WORK TO COMPLETE: Go through the entries below and print, exactly, the lines starting at the one with "From HB Require Import structures." and ending at the one with "(tgt e) y p'", keeping both ends and no others.

-*-

(* Let $G=(V,E)$ be a directed graph with $n=|V|$ and $A$ a node-weighting, and let $1\le\alpha\le\log n$. Suppose some $A$-respecting $h$-length symmetric demand $D$ has $h\cdot s$-length sparsity at most $\phi$ with respect to some $h\cdot s$-length moving cut $C$. Then the $\alpha$-exponential demand $D^{\alpha}_{h,A}$ has $\frac{h\cdot s}{2}$-length sparsity at most $2^{8\alpha+1}\phi$ with respect to the same cut $C$, i.e. $|C|/\mathrm{sep}_{hs/2}(C,D^\alpha_{h,A})\le 2^{8\alpha+1}\phi$.
   Context: $G$ has positive integer edge lengths $\ell(e)$ and capacities $u(e)$; $\mathrm{dist}(u,v)$ is the directed distance in $G$ and $\overline{\mathrm{dist}}(u,v)=\mathrm{dist}(u,v)+\mathrm{dist}(v,u)$. Node-weighting $A\ge0$; demand $D:V\times V\to\mathbb{R}_{\ge0}$, $|D|=\sum D(u,v)$; $A$-respecting: $\max\{\sum_wD(v,w),\sum_wD(w,v)\}\le A(v)$; $h$-length: $D(u,v)>0\Rightarrow\mathrm{dist}(u,v)\le h$; symmetric: $D(u,v)=D(v,u)$. An $H$-length moving cut is $C:E\to\{0,\tfrac1H,\dots\}\cap[0,1]$, $|C|=\sum_eu(e)C(e)$; $G-C$ has lengths $\ell(e)+H\cdot C(e)$; $\mathrm{sep}_{h'}(C,D)=\sum_{(u,v):\mathrm{dist}_{G-C}(u,v)>h'}D(u,v)$; $h'$-length sparsity $\mathrm{spars}_{h'}(C,D)=|C|/\mathrm{sep}_{h'}(C,D)$. Exponential weights (for $1\le\alpha\le\log n$): $w_h^\alpha(u,v)=1$ if $u=v$; $=2^{-\alpha\overline{\mathrm{dist}}(u,v)/h}$ if $u\neq v$ and $\overline{\mathrm{dist}}(u,v)\le\frac{2h\log_2 n}{\alpha}$; $=0$ otherwise. $w_h^\alpha(u)=\sum_{b\in V}w_h^\alpha(u,b)$, $M_h^\alpha(u,v)=w_h^\alpha(u,v)/w_h^\alpha(u)$, and $D^\alpha_{h,A}(u,v)=A(u)M_h^\alpha(u,v)+A(v)M_h^\alpha(v,u)$. *)

From HB Require Import structures.
From mathcomp Require Import all_boot all_order all_algebra.
From mathcomp Require Import all_classical all_reals.
From mathcomp Require Import ereal exp.
Set Implicit Arguments. Unset Strict Implicit. Unset Printing Implicit Defensive.
Import Order.TTheory GRing.Theory Num.Theory.
Local Open Scope ring_scope.

Section Defs.
Variable R : realType.
Variables (V E : finType) (src tgt : E -> V).

Fixpoint walk (x y : V) (p : seq E) : bool :=
  match p with
  | [::] => x == y
  | e :: p' => (src e == x) && walk (tgt e) y p'
  end.

(* directed distance w.r.t. the length function len; +oo if unreachable *)
Definition dist (len : E -> R) (x y : V) : \bar R :=
  ereal_inf [set ((\sum_(e <- p) len e)%:E) | p in [set p | walk x y p]].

-*-

RESULT:
From HB Require Import structures.
From mathcomp Require Import all_boot all_order all_algebra.
From mathcomp Require Import all_classical all_reals.
From mathcomp Require Import ereal exp.
Set Implicit Arguments. Unset Strict Implicit. Unset Printing Implicit Defensive.
Import Order.TTheory GRing.Theory Num.Theory.
Local Open Scope ring_scope.

Section Defs.
Variable R : realType.
Variables (V E : finType) (src tgt : E -> V).

Fixpoint walk (x y : V) (p : seq E) : bool :=
  match p with
  | [::] => x == y
  | e :: p' => (src e == x) && walk (tgt e) y p'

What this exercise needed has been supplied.